_Problem statement_:
Copy out the lines of the records below, and only those lines, from the one with "Proof. by elim: l" through the one with "move=> [s gen_s];", exactly as they appear.
◇ ◇ ◇ ◇ ◇
(* A homomorphism $f:N\to N'$ of finitely generated abelian groups is tame if and only if the augmentation map $\mathbb D(f)\to R\mathrm{Hom}([f],\mathbb Z)$ is an isomorphism in the derived category $D(\mathrm{Ab})$, if and only if $H^i(R\mathrm{Hom}([f],\mathbb Z))=0$ for all $i\neq 0$.
   Context: A homomorphism $f:N\to N'$ of finitely generated abelian groups is tame if $\operatorname{Cok}f$ is finite and $\operatorname{Ker}f$ is torsion-free (equivalently $f$ is injective on torsion subgroups). $[f]$ denotes the two-term cochain complex with $N$ in degree $0$, $N'$ in degree $1$, differential $f$, viewed in the derived category $D(\mathrm{Ab})$; $\mathbb D(f)=\mathrm{Hom}_{D(\mathrm{Ab})}([f],\mathbb Z)=H^0(R\mathrm{Hom}([f],\mathbb Z))$, and the augmentation map is the natural map from $H^0$ (placed in degree $0$) to the complex when the latter has cohomology only in degree $0$—more precisely the statement asserts that $R\mathrm{Hom}([f],\mathbb Z)$ is concentrated in degree $0$. *)

From HB Require Import structures.
From mathcomp Require Import all_boot all_order all_algebra.
Set Implicit Arguments. Unset Strict Implicit. Unset Printing Implicit Defensive.
Import Order.TTheory GRing.Theory Num.Theory.
Local Open Scope ring_scope.

Definition fin_gen (N : zmodType) : Prop :=
  exists s : seq N, forall x : N,
    exists c : seq int, x = \sum_(i < size s) s`_i *~ c`_i.

Definition coker_finite (N N' : zmodType) (f : {additive N -> N'}) : Prop :=
  exists s : seq N', forall y : N', exists j : 'I_(size s), exists x : N,
    y = s`_j + f x.

Definition ker_torsion_free (N N' : zmodType) (f : {additive N -> N'}) : Prop :=
  forall x : N, f x = 0 -> forall n : nat, (0 < n)%N -> x *+ n = 0 -> x = 0.

Definition tame (N N' : zmodType) (f : {additive N -> N'}) : Prop :=
  coker_finite f /\ ker_torsion_free f.

(* Q/Z-valued homomorphisms, represented by set-theoretic lifts to Q. *)
Definition is_int (q : rat) : Prop := exists z : int, q = z%:~R.

Definition QZhom (N : zmodType) (g : N -> rat) : Prop :=
  forall x y : N, is_int (g (x + y) - g x - g y).

Definition QZeq (N : zmodType) (g h : N -> rat) : Prop :=
  forall x : N, is_int (g x - h x).

(* RHom([f], Z) computed with the injective resolution 0 -> Z -> Q -> Q/Z -> 0:
   it is the total complex
     degree -1 : Hom(N', Q)
     degree  0 : Hom(N, Q) (+) Hom(N', Q/Z)
     degree  1 : Hom(N, Q/Z)
   with d(phi) = (phi o f, pi o phi) and d(a, b) = pi o a - b o f,
   and zero in all other degrees. *)

Definition RHom_H_m1_zero (N N' : zmodType) (f : {additive N -> N'}) : Prop :=
  forall phi : {additive N' -> rat},
    (forall x : N, phi (f x) = 0) -> (forall y : N', is_int (phi y)) ->
    forall y : N', phi y = 0.

Definition RHom_H_1_zero (N N' : zmodType) (f : {additive N -> N'}) : Prop :=
  forall g : N -> rat, QZhom g ->
    exists a : {additive N -> rat}, exists b : N' -> rat,
      QZhom b /\ QZeq g (fun x => a x - b (f x)).

Definition RHom_H_zero (N N' : zmodType) (f : {additive N -> N'}) (i : int) : Prop :=
  if i == -1 then RHom_H_m1_zero f
  else if i == 1 then RHom_H_1_zero f
  else if i == 0 then False (* degree 0 is not characterized here; never used *)
  else True.

(* RHom([f], Z) is concentrated in degree 0, i.e. the augmentation
   D(f) -> RHom([f], Z) is an isomorphism. *)
Definition augmentation_iso (N N' : zmodType) (f : {additive N -> N'}) : Prop :=
  RHom_H_m1_zero f /\ RHom_H_1_zero f.

From HB Require Import structures.
From mathcomp Require Import all_boot all_order all_algebra.
From mathcomp Require Import ring.
From Stdlib Require Import Classical ClassicalEpsilon.
Import Order.TTheory GRing.Theory Num.Theory.
Local Open Scope ring_scope.

(* The resolution Z -> Q -> Q/Z computes RHom([f], Z): its H^{-1} consists of
   the homomorphisms N' -> Z vanishing on f N, and its H^1 is the cokernel of
   (a, b) |-> a - b o f from Hom(N, Q) x Hom(N', Q/Z) to Hom(N, Q/Z).
   Everything rests on the divisibility of Q and Q/Z, in the form of one
   extension property: a map additive modulo P (P = 0 or Z) on a subgroup of a
   finitely generated group extends to the whole group, one generator at a time.
   If Cok f is finite, a multiple of every y lies in f N, which kills the
   elements of H^{-1}. Otherwise some y has no multiple in f N; extend 0 on f N
   and 1 on y to a homomorphism N' -> Q and clear the denominators of its values
   on generators.
   If Ker f is torsion-free it is free, so a character g of N lifts to Q on
   Ker f; extend the lift to a : N -> Q. Then a - g vanishes on Ker f modulo Z,
   hence factors through f N and extends to a character b of N'. If x0 in Ker f
   has order d > 1, the character extending x0 |-> 1/d is not of the form
   a - b o f, since a kills x0 and b o f kills Ker f. *)

Set Implicit Arguments.
Unset Strict Implicit.

Fixpoint lincomb (N : zmodType) (l : seq N) (c : nat -> int) : N :=
  if l is y :: l' then y *~ c 0%N + lincomb l' (fun i => c i.+1) else 0.

Definition zspan (N : zmodType) (l : seq N) (x : N) := exists c, x = lincomb l c.

Definition zindep (N : zmodType) (l : seq N) :=
  forall c, lincomb l c = 0 -> forall i, (i < size l)%N -> c i = 0.

Section LinearCombinations.
Variable N : zmodType.
Implicit Types (l : seq N) (c : nat -> int).

Lemma eq_lincomb l c c' :
  (forall i, (i < size l)%N -> c i = c' i) -> lincomb l c = lincomb l c'.
Proof.
elim: l c c' => [//|y l IH] c c' /= cc'.
by rewrite cc' // (IH (fun i => c i.+1) (fun i => c' i.+1)) // => i; exact: (cc' i.+1).
Qed.

Lemma lincomb0 l : lincomb l (fun _ => 0) = 0.
Proof. by elim: l => //= y l ->; rewrite mulr0z addr0. Qed.

Lemma lincombD l c c' :
  lincomb l (fun i => c i + c' i) = lincomb l c + lincomb l c'.
Proof.
elim: l c c' => [|y l IH] c c' /=; first by rewrite addr0.
by rewrite (IH (fun i => c i.+1) (fun i => c' i.+1)) mulrzDr addrACA.
Qed.

Lemma lincombN l c : lincomb l (fun i => - c i) = - lincomb l c.
Proof.
elim: l c => [|y l IH] c /=; first by rewrite oppr0.
by rewrite (IH (fun i => c i.+1)) mulrNz opprD.
Qed.

Lemma lincombB l c c' :
  lincomb l (fun i => c i - c' i) = lincomb l c - lincomb l c'.
Proof. by rewrite (lincombD l c (fun i => - c' i)) lincombN. Qed.

Lemma raddf_lincomb (M : zmodType) (g : {additive N -> M}) l c :
  g (lincomb l c) = lincomb (map g l) c.
Proof.
elim: l c => [|y l IH] c /=; first exact: raddf0.
by rewrite raddfD raddfMz IH.
Qed.

Lemma lincomb_mapMn l c n :
  lincomb (map (fun x => x *+ n) l) c = lincomb l c *+ n.
Proof.
elim: l c => [|y l IH] c /=; first by rewrite mul0rn.
by rewrite IH mulrnDl -mulrz_nat mulrzAC mulrz_nat.
Qed.

Lemma fin_gen_zspan : fin_gen N -> exists s : seq N, forall x, zspan s x.
Proof.
move=> [s gen_s]; exists s => x; have [c ->] := gen_s x.
exists (fun i => c`_i); elim: s c {gen_s} => [|y s IH] c; first by rewrite big_ord0.
rewrite big_ord_recl /=; case: c => [|k c] /=; last by rewrite -IH.
by rewrite lincomb0 big1 ?mulr0z ?addr0 // => i _; rewrite nth_nil mulr0z.
Qed.

End LinearCombinations.

Lemma subrACA (V : zmodType) (a b c d : V) : (a - b) - (c - d) = (a - c) - (b - d).
Proof. by rewrite !opprD !opprK addrACA. Qed.

Definition subgroup (N : zmodType) (D : N -> Prop) :=
  D 0 /\ forall x y, D x -> D y -> D (x - y).

Section Subgroups.
Variables (N : zmodType) (D : N -> Prop).
Hypothesis D_subgroup : subgroup D.

Lemma subgroup0 : D 0. Proof. by case: D_subgroup. Qed.

Lemma subgroupB x y : D x -> D y -> D (x - y).
Proof. by case: D_subgroup => _; apply. Qed.

Lemma subgroupN x : D x -> D (- x).
Proof. by move=> Dx; rewrite -sub0r; apply: subgroupB (subgroup0) Dx. Qed.

Lemma subgroupD x y : D x -> D y -> D (x + y).
Proof. by move=> Dx Dy; rewrite -[y]opprK; apply: subgroupB Dx (subgroupN Dy). Qed.

Lemma subgroupD_eq x y z : D x -> D y -> z = x + y -> D z.
Proof. by move=> Dx Dy ->; apply: subgroupD. Qed.

Lemma subgroupMn x n : D x -> D (x *+ n).
Proof.
by move=> Dx; elim: n => [|n IH]; [exact: subgroup0 | rewrite mulrS; apply: subgroupD].
Qed.

Lemma subgroupMz x k : D x -> D (x *~ k).
Proof.
move=> Dx; case: k => n; first exact: subgroupMn.
by rewrite NegzE mulrNz; apply/subgroupN/subgroupMn.
Qed.

Lemma subgroup_lincomb l c : {in l, forall x, D x} -> D (lincomb l c).
Proof.
elim: l c => [|y l IH] c Dl /=; first exact: subgroup0.
apply: subgroupD; first by apply/subgroupMz/Dl; rewrite mem_head.
by apply: IH => x xl; apply: Dl; rewrite in_cons xl orbT.
Qed.

End Subgroups.

Arguments subgroupD_eq {N D} D_subgroup {x y z}.

Lemma subgroup_eq0 (N : zmodType) : subgroup (eq^~ (0 : N)).
Proof. by split=> // x y -> ->; rewrite subr0. Qed.

Lemma subgroup_is_int : subgroup is_int.
Proof. by split=> [|_ _ [x ->] [y ->]]; [exists 0 | exists (x - y); rewrite intrB]. Qed.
◇ ◇ ◇ ◇ ◇
_Completed exercise_:
Proof. by elim: l => //= y l ->; rewrite mulr0z addr0. Qed.

Lemma lincombD l c c' :
  lincomb l (fun i => c i + c' i) = lincomb l c + lincomb l c'.
Proof.
elim: l c c' => [|y l IH] c c' /=; first by rewrite addr0.
by rewrite (IH (fun i => c i.+1) (fun i => c' i.+1)) mulrzDr addrACA.
Qed.

Lemma lincombN l c : lincomb l (fun i => - c i) = - lincomb l c.
Proof.
elim: l c => [|y l IH] c /=; first by rewrite oppr0.
by rewrite (IH (fun i => c i.+1)) mulrNz opprD.
Qed.

Lemma lincombB l c c' :
  lincomb l (fun i => c i - c' i) = lincomb l c - lincomb l c'.
Proof. by rewrite (lincombD l c (fun i => - c' i)) lincombN. Qed.

Lemma raddf_lincomb (M : zmodType) (g : {additive N -> M}) l c :
  g (lincomb l c) = lincomb (map g l) c.
Proof.
elim: l c => [|y l IH] c /=; first exact: raddf0.
by rewrite raddfD raddfMz IH.
Qed.

Lemma lincomb_mapMn l c n :
  lincomb (map (fun x => x *+ n) l) c = lincomb l c *+ n.
Proof.
elim: l c => [|y l IH] c /=; first by rewrite mul0rn.
by rewrite IH mulrnDl -mulrz_nat mulrzAC mulrz_nat.
Qed.

Lemma fin_gen_zspan : fin_gen N -> exists s : seq N, forall x, zspan s x.
Proof.
move=> [s gen_s]; exists s => x; have [c ->] := gen_s x.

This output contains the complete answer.